(Saved entries)
···
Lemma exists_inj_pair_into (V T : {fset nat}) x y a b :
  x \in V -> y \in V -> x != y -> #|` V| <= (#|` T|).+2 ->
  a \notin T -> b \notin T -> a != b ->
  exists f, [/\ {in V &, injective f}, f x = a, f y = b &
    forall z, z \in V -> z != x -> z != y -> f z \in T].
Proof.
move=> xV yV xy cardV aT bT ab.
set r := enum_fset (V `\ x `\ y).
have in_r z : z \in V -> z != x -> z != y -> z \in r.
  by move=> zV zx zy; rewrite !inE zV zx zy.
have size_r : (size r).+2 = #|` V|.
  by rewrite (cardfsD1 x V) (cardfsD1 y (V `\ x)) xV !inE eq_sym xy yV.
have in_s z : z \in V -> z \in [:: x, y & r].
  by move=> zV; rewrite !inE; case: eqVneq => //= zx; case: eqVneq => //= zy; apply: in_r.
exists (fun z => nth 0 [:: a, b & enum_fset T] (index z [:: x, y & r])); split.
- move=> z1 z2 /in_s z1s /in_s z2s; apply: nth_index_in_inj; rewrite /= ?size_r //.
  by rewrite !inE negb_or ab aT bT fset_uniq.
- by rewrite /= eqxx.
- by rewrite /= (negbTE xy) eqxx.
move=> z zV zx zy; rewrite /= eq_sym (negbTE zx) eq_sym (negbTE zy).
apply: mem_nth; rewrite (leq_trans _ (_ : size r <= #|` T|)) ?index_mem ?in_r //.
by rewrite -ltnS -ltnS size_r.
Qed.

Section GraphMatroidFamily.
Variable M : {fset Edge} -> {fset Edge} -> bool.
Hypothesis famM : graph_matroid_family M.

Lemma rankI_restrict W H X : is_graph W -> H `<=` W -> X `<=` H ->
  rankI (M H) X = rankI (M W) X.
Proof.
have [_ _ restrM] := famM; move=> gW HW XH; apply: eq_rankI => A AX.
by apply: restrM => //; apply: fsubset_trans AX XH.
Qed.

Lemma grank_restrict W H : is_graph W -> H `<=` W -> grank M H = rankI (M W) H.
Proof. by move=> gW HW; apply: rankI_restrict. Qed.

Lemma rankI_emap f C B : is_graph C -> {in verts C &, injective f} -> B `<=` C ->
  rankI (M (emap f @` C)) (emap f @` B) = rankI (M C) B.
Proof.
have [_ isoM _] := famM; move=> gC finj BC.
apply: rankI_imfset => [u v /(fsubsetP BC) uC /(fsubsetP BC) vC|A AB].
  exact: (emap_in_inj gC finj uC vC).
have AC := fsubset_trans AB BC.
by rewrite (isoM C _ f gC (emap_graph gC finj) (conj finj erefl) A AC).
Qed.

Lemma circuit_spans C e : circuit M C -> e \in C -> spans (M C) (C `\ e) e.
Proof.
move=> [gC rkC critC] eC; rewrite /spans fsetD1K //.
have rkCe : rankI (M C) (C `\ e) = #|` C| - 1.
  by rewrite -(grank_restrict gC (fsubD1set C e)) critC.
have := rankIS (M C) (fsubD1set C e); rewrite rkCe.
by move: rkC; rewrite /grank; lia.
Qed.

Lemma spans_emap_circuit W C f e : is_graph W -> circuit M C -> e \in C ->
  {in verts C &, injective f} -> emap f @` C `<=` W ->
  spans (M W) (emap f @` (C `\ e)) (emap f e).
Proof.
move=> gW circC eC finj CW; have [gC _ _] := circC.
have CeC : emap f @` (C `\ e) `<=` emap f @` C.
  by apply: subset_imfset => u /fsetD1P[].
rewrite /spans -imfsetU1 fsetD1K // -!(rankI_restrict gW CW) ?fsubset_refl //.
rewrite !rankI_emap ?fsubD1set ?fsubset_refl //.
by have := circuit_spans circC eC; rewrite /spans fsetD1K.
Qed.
···
### INSTRUCTIONS TO FOLLOW
Your task is to transcribe each record faithfully and in full.

### COMPLETED TASK
Lemma exists_inj_pair_into (V T : {fset nat}) x y a b :
  x \in V -> y \in V -> x != y -> #|` V| <= (#|` T|).+2 ->
  a \notin T -> b \notin T -> a != b ->
  exists f, [/\ {in V &, injective f}, f x = a, f y = b &
    forall z, z \in V -> z != x -> z != y -> f z \in T].
Proof.
move=> xV yV xy cardV aT bT ab.
set r := enum_fset (V `\ x `\ y).
have in_r z : z \in V -> z != x -> z != y -> z \in r.
  by move=> zV zx zy; rewrite !inE zV zx zy.
have size_r : (size r).+2 = #|` V|.
  by rewrite (cardfsD1 x V) (cardfsD1 y (V `\ x)) xV !inE eq_sym xy yV.
have in_s z : z \in V -> z \in [:: x, y & r].
  by move=> zV; rewrite !inE; case: eqVneq => //= zx; case: eqVneq => //= zy; apply: in_r.
exists (fun z => nth 0 [:: a, b & enum_fset T] (index z [:: x, y & r])); split.
- move=> z1 z2 /in_s z1s /in_s z2s; apply: nth_index_in_inj; rewrite /= ?size_r //.
  by rewrite !inE negb_or ab aT bT fset_uniq.
- by rewrite /= eqxx.
- by rewrite /= (negbTE xy) eqxx.
move=> z zV zx zy; rewrite /= eq_sym (negbTE zx) eq_sym (negbTE zy).
apply: mem_nth; rewrite (leq_trans _ (_ : size r <= #|` T|)) ?index_mem ?in_r //.
by rewrite -ltnS -ltnS size_r.
Qed.

Section GraphMatroidFamily.
Variable M : {fset Edge} -> {fset Edge} -> bool.
Hypothesis famM : graph_matroid_family M.

Lemma rankI_restrict W H X : is_graph W -> H `<=` W -> X `<=` H ->
  rankI (M H) X = rankI (M W) X.
Proof.
have [_ _ restrM] := famM; move=> gW HW XH; apply: eq_rankI => A AX.
by apply: restrM => //; apply: fsubset_trans AX XH.
Qed.

Lemma grank_restrict W H : is_graph W -> H `<=` W -> grank M H = rankI (M W) H.
Proof. by move=> gW HW; apply: rankI_restrict. Qed.

Lemma rankI_emap f C B : is_graph C -> {in verts C &, injective f} -> B `<=` C ->
  rankI (M (emap f @` C)) (emap f @` B) = rankI (M C) B.
Proof.
have [_ isoM _] := famM; move=> gC finj BC.
apply: rankI_imfset => [u v /(fsubsetP BC) uC /(fsubsetP BC) vC|A AB].
  exact: (emap_in_inj gC finj uC vC).
have AC := fsubset_trans AB BC.
by rewrite (isoM C _ f gC (emap_graph gC finj) (conj finj erefl) A AC).
Qed.

Lemma circuit_spans C e : circuit M C -> e \in C -> spans (M C) (C `\ e) e.
Proof.
move=> [gC rkC critC] eC; rewrite /spans fsetD1K //.
have rkCe : rankI (M C) (C `\ e) = #|` C| - 1.
  by rewrite -(grank_restrict gC (fsubD1set C e)) critC.
have := rankIS (M C) (fsubD1set C e); rewrite rkCe.
by move: rkC; rewrite /grank; lia.
Qed.

Lemma spans_emap_circuit W C f e : is_graph W -> circuit M C -> e \in C ->
  {in verts C &, injective f} -> emap f @` C `<=` W ->
  spans (M W) (emap f @` (C `\ e)) (emap f e).
Proof.
move=> gW circC eC finj CW; have [gC _ _] := circC.
have CeC : emap f @` (C `\ e) `<=` emap f @` C.
  by apply: subset_imfset => u /fsetD1P[].
rewrite /spans -imfsetU1 fsetD1K // -!(rankI_restrict gW CW) ?fsubset_refl //.
rewrite !rankI_emap ?fsubD1set ?fsubset_refl //.
by have := circuit_spans circC eC; rewrite /spans fsetD1K.
Qed.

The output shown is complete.